If the bush looks healthy after flowering, catkins have come and gone, and then there are no developing nuts, late frost is a likely cause. Keep a note of frost dates (especially April to early May) for a couple of years. If the pattern repeats in similar weather, consider fleece protection for smaller bushes during forecast cold snaps.

Do hazelnuts need full sun, or will they still fruit in partial shade?

They will grow in light shade, but flowering and nut set can drop noticeably. For the best chance of consistent cropping, aim for full sun for much of the day, and if you are choosing between two spots, pick the sunnier one even if it means slightly less shelter.

What soil should I use, and is drainage more important than fertility?

Drainage matters more than fertility. Hazel tolerates many soil types including chalk, clay, loam, and sand, but waterlogged ground is the main problem for nut production and plant health. If your site tends to stay wet, improve drainage or choose a higher, better-drained location.

How far apart should I space hazel if I want a managed nut bush hedge or orchard-style planting?

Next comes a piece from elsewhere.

(* Let $a=p/q\geq1$ be rational with $p,q$ coprime, and let $(d,e;m)\in\mathcal{E}$. Define the error vector $\varepsilon$ by $m=\frac{d+e}{\sqrt{2a}}\,w(a)+\varepsilon$ (vectors padded with zeros to a common length). Then: (i) $\mu(d,e;m)(a)\leq\frac{\sqrt{2de+1}\sqrt a}{d+e}$. In particular $\mu(d,d;m)(a)\leq\sqrt{1+\frac{1}{2d^2}}\sqrt{\frac a2}$, and if $e=d-1$ then $\mu(d,e;m)(a)\leq\sqrt{1+\frac{1}{(2d-1)^2}}\sqrt{\frac a2}$. (ii) $\mu(d,e;m)(a)>\sqrt{a/2}$ if and only if $\langle\varepsilon,w(a)\rangle>0$. (iii) If $e=d$ and $\mu(d,e;m)(a)>\sqrt{a/2}$, then $\langle\varepsilon,\varepsilon\rangle<1$; if $e=d-1$ and $\mu(d,e;m)(a)>\sqrt{a/2}$, then $\langle\varepsilon,\varepsilon\rangle<\frac12$. (iv) The sum of all entries of $\varepsilon$ satisfies $-\sum_i\varepsilon_i=\frac{d+e}{\sqrt{2a}}\left(y(a)-\frac1q\right)+1$, where $y(a):=a+1-2\sqrt{2a}$.
   Context: Weight expansion: for rational $a=p/q\geq1$ in lowest terms with continued fraction $[l_0;l_1,\dots,l_N]$ ($l_N\geq2$ if $N\geq1$), $w(a)=(1^{\times l_0},x_1^{\times l_1},\dots,x_N^{\times l_N})$ with $x_0=1$, $x_1=a-l_0$, $x_i=x_{i-2}-l_{i-1}x_{i-1}$; $x^{\times l}$ is $x$ repeated $l$ times. The set $\mathcal{E}$: a Cremona transform of an integer tuple $(\delta;n_1,\dots,n_k)$ with $n_1\geq\dots\geq n_k$ is $(2\delta-n_1-n_2-n_3;\delta-n_2-n_3,\delta-n_1-n_3,\delta-n_1-n_2,n_4,\dots,n_k)$; a Cremona move is a Cremona transform followed by a permutation of the entries after the semicolon. $\mathcal{E}$ consists of $(0,0;-1)$ together with all integer tuples $(d,e;m_1,\dots,m_M)$ with $d,e\geq0$, $m_1\geq\dots\geq m_M\geq0$, satisfying $\sum m_i=2(d+e)-1$, $\sum m_i^2=2de+1$, and such that $(d+e-m_1;d-m_1,e-m_1,m_2,\dots,m_M)$ reduces to $(0;-1,0,\dots,0)$ by repeated Cremona moves. $\mu(d,e;m)(a):=\langle m,w(a)\rangle/(d+e)$, with $\langle\cdot,\cdot\rangle$ the Euclidean scalar product after padding with zeros. *)

From Stdlib Require Import Reals Lra Lia ZArith Arith List Permutation Sorted Relations.
Import ListNotations.
Open Scope R_scope.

For managed nut bushes, spacing of about 4 to 5 metres between plants is a good rule of thumb. This helps air circulation (which reduces mildew severity), gives space for renewal pruning, and avoids excessive shading between neighboring bushes.

When is the best time to prune for nut production, and what should I avoid?

For a goblet-shaped, productive bush, prune in late January through February when catkins are releasing pollen, so you can clearly see flowering wood. Avoid pruning too early in winter when severe cold is still possible, and avoid cutting later when female flowers are fully open because you can remove receptive flowering wood.

Should I prune in autumn instead of winter?

Autumn pruning is generally a bad idea for nut production because it can stimulate new growth that is more vulnerable to cold, and you may miss the “see the flowering wood” window. If you must do any work outside winter, limit it to light tidy-ups rather than structural cuts.

How do I protect hazelnuts from squirrels without ruining the crop or making harvest harder?

Nets placed over bushes in late August help, ideally before nuts start becoming tempting to squirrels. Secure netting so it does not sag and trap branches in a way that damages shoots, and plan your harvest path so you can remove nuts efficiently when they start to ripen.

If my nuts ripen late or do not fill out fully, what are the best fixes?

Start with site warmth. A south-facing slope or a position sheltered by a wall can add meaningful heat. Also consider earlier-ripening cultivars (like Cosford) if you are in a cooler, higher, or more exposed area where the growing season is shorter.

Are hazelnut weevil and big bud mite problems for young plants, or only older ones?

Hazelnut weevil can become an issue in established plantings, but scouting is still smart once bushes start producing. Big bud mite is usually spotted in winter by swollen, rounded buds, and you can reduce damage by removing affected buds or shoots early before infestations build up.

What should I do after I harvest, and when do I stop leaving nuts on the bush?

Harvest when nuts are ripe and before heavy natural drop turns into losses to wildlife. After harvest, remove and dispose of any visibly damaged nuts promptly, since they can carry over pests like weevil larvae. If you leave nuts for weeks, you increase both squirrel pressure and pest carryover.